(EXERCISE DETAILS):
Your answer must be the lines of the entries below, exactly as written, from the first line through the line containing "alpha n.-1 = d -> beta n.-1 = d ->".
----------------
Local Open Scope ring_scope.

Theorem corollary3p4 (K : fieldType) (n d : nat) (b alpha beta : nat -> nat) :
  (0 < n)%N ->
  (forall i, (i.+1 < n)%N -> (alpha i <= alpha i.+1)%N) ->
  (forall i, (i.+1 < n)%N -> (beta i <= beta i.+1)%N) ->
  alpha n.-1 = d -> beta n.-1 = d ->
  (forall i, (i < n)%N -> (alpha i <= beta i)%N) ->
  alpha 0%N = 0%N -> beta 0%N = b 0%N ->
  depth_quot_zero (in_ideal (@plp_gen K n b alpha beta))
  <->
  [/\ (forall i, (i < n)%N -> (1 <= b i)%N),
      (forall i, (1 <= i)%N -> (i.+2 <= n)%N -> (alpha i < beta i)%N),
      (forall i j, (i <= j)%N -> (j.+2 <= n)%N ->
         (alpha j + (j - i) + 1 <= beta i + \sum_(i.+1 <= k < j.+1) b k)%N) &
      (forall i, (i < n)%N ->
         (d + (n - i.+1) <= beta i + \sum_(i.+1 <= k < n) b k)%N)].
Proof.
move=> n_gt0 _ be_homo al_last be_last _ _ be0.
have genD (u : 'X_{1..n}) :
    plp_mexp b alpha beta u -> forall i, (u i <= \max_(j < n) b j)%N.
  by move=> hu i; exact: leq_trans (hu i).1 (leq_bigmax i).
rewrite (depth_quot_zero_socleP K genD) plp_socle_mnmE.
split=> [[w /(plp_socle_conditions n_gt0 al_last be_last)] // | conds].
by exists (socle_exp b beta); exact: plp_conditions_socle conds.
Qed.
----------------
(RESULT):
Local Open Scope ring_scope.

Theorem corollary3p4 (K : fieldType) (n d : nat) (b alpha beta : nat -> nat) :
  (0 < n)%N ->
  (forall i, (i.+1 < n)%N -> (alpha i <= alpha i.+1)%N) ->
  (forall i, (i.+1 < n)%N -> (beta i <= beta i.+1)%N) ->
  alpha n.-1 = d -> beta n.-1 = d ->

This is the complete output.